[Data supplied Boundary: Start]
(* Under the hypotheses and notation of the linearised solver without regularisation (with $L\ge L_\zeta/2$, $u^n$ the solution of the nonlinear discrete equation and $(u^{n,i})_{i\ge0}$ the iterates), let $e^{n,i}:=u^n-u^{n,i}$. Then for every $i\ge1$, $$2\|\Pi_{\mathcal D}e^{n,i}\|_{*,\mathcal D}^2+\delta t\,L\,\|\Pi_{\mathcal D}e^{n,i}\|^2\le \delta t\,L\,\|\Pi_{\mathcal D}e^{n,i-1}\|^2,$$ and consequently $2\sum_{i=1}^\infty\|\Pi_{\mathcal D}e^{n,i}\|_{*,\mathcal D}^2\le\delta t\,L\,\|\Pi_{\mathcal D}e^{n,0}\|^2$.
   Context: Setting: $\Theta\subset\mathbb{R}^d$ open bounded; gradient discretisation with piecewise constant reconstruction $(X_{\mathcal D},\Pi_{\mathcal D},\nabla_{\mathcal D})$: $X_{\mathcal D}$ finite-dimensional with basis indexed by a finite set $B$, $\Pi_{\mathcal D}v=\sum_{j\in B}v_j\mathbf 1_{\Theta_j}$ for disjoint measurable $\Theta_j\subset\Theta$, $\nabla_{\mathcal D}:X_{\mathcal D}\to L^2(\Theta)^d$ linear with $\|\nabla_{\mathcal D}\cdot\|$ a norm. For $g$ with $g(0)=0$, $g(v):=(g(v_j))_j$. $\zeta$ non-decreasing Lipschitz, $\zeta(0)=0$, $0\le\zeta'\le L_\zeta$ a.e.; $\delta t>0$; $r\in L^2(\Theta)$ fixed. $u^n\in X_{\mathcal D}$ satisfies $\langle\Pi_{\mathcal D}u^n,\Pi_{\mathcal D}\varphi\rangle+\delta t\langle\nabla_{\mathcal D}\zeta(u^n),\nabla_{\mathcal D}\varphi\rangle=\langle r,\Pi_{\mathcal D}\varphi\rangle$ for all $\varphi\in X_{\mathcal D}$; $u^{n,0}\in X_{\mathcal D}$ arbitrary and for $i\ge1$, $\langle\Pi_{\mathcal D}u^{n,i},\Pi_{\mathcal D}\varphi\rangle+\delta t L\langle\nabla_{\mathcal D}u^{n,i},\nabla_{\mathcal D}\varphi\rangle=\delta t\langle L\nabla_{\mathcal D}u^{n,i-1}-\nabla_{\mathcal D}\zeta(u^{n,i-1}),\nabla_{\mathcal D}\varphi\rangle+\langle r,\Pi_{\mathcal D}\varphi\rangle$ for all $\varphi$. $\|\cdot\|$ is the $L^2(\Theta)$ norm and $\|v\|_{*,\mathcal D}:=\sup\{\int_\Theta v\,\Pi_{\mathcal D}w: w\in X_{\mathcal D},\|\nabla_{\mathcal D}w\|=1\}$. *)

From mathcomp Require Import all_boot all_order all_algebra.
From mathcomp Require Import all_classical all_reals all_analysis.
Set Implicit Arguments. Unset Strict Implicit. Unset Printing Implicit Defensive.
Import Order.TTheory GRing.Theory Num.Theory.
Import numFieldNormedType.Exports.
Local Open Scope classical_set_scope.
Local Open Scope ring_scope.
[Data supplied Boundary: End]
[Data supplied Boundary: Start]
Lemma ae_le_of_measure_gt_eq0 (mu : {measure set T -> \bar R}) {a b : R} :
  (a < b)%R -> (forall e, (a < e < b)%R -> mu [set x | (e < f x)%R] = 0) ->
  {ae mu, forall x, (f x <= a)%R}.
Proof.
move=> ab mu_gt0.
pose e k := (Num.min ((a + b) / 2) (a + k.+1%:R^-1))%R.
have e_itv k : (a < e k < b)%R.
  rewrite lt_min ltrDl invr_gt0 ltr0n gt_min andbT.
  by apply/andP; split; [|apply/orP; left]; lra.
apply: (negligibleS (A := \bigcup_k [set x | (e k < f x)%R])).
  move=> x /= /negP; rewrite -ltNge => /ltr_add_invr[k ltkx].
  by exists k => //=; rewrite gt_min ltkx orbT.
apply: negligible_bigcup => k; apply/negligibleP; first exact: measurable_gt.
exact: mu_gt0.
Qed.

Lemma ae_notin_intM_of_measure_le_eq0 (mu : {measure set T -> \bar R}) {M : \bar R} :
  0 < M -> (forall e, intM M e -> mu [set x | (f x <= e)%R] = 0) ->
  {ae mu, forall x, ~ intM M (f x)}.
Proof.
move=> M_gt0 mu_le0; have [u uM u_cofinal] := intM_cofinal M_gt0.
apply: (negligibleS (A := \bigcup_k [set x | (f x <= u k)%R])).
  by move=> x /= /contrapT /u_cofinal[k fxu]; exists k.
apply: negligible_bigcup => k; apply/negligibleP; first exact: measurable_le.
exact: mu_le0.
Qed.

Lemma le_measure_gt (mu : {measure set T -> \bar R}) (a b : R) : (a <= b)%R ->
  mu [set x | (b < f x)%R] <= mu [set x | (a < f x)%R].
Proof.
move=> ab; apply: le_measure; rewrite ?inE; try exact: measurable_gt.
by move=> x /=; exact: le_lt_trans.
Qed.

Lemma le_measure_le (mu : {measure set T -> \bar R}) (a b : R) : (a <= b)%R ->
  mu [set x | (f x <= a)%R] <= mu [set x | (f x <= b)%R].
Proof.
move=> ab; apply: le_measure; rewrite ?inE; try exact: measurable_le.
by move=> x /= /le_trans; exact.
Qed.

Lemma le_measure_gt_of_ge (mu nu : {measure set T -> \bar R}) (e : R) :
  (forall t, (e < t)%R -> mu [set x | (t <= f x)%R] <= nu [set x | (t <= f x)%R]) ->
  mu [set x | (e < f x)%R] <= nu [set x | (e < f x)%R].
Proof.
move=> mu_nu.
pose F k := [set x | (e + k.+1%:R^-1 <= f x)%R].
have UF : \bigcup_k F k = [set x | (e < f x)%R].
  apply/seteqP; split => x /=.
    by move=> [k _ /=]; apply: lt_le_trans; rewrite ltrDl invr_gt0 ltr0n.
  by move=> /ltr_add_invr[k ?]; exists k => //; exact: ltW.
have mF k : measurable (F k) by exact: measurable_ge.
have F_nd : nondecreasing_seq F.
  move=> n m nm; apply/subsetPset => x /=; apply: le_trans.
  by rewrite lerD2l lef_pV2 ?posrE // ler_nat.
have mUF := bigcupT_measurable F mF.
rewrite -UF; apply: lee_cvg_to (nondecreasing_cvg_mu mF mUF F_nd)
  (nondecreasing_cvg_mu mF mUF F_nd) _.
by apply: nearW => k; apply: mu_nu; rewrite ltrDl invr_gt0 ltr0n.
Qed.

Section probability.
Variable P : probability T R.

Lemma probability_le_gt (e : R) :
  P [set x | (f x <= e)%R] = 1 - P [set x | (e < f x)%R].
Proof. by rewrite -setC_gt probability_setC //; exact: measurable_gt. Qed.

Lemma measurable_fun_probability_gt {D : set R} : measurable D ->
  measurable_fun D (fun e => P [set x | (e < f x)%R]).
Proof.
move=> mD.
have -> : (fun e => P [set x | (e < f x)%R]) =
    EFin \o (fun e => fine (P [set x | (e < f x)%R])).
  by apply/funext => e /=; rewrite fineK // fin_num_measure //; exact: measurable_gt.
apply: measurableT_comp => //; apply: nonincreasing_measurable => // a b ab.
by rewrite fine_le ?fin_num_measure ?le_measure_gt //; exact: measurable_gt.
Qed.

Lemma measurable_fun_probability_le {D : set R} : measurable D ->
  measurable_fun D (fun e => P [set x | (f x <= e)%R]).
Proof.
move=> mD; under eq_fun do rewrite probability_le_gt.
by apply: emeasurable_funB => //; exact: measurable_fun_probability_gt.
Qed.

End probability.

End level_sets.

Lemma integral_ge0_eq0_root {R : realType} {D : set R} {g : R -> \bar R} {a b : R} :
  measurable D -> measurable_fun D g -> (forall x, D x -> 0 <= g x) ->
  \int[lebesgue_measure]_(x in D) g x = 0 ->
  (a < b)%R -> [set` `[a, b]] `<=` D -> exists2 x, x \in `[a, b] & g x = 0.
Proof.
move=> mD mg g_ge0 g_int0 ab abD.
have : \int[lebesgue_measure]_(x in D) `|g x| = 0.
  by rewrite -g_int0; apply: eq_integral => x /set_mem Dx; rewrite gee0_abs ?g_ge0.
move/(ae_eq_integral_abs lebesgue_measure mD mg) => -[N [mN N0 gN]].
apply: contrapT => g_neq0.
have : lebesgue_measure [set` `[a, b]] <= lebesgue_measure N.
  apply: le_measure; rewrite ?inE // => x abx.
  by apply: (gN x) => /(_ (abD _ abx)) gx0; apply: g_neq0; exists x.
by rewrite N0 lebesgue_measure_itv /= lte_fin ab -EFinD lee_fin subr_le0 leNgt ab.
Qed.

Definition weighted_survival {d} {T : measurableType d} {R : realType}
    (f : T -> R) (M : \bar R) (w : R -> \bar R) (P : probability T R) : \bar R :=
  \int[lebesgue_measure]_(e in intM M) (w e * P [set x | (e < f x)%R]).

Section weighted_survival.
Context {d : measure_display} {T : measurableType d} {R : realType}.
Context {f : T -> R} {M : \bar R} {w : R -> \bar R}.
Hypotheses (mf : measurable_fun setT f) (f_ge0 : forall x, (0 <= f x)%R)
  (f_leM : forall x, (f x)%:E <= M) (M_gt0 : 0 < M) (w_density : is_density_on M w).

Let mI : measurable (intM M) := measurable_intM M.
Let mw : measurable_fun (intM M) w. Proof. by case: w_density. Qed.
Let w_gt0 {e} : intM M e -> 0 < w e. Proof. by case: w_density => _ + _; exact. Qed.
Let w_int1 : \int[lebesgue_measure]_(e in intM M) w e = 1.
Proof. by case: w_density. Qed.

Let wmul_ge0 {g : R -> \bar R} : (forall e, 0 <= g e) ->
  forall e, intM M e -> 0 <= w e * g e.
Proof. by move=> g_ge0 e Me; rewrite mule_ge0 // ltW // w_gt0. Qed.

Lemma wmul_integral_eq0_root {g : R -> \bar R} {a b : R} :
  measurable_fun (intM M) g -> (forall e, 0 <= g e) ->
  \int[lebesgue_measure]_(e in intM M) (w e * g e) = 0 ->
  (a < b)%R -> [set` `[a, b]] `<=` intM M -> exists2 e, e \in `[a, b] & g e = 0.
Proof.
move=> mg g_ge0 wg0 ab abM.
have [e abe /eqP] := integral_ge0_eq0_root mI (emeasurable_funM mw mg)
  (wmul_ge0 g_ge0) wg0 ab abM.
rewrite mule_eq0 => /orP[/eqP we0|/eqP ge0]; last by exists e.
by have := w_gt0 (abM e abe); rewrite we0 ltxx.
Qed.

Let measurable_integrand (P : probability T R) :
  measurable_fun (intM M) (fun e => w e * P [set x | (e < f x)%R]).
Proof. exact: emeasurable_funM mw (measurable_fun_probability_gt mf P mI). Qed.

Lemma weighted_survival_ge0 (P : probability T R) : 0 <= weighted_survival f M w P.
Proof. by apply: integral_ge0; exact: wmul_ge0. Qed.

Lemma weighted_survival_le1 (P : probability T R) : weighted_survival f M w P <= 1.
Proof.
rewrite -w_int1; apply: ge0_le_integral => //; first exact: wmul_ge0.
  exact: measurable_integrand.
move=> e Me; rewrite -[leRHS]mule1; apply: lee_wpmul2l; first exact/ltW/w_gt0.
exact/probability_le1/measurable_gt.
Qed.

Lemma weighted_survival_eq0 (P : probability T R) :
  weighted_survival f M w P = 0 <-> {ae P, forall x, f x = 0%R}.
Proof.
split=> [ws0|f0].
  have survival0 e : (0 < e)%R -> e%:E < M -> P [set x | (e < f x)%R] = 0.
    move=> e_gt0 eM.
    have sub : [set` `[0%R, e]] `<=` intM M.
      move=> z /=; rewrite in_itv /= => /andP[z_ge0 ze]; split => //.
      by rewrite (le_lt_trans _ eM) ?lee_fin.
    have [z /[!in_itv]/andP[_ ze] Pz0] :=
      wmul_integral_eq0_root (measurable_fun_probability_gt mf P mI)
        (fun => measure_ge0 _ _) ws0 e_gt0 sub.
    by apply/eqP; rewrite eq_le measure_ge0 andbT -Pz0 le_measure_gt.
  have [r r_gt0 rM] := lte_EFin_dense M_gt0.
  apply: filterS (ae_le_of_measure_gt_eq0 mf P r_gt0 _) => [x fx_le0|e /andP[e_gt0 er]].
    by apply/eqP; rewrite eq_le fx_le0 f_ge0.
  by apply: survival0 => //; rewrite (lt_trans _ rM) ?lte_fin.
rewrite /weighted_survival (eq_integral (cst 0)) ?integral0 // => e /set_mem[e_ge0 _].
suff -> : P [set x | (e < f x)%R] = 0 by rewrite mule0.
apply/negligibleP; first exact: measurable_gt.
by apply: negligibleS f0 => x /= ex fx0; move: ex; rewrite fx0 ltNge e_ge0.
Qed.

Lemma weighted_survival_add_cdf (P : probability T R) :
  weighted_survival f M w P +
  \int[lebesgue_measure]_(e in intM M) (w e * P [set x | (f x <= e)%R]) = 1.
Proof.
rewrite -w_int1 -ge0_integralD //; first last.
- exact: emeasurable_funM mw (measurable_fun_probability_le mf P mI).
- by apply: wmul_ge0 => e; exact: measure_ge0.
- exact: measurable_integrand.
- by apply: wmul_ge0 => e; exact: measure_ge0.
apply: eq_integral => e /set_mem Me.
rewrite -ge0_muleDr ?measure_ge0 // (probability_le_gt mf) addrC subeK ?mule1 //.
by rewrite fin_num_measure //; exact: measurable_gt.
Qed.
[Data supplied Boundary: End]
Problem to solve: Above are the records; copy each line from them that includes the string "negligibleS".

Reply:
apply: (negligibleS (A := \bigcup_k [set x | (e k < f x)%R])).
apply: (negligibleS (A := \bigcup_k [set x | (f x <= u k)%R])).
by apply: negligibleS f0 => x /= ex fx0; move: ex; rewrite fx0 ltNge e_ge0.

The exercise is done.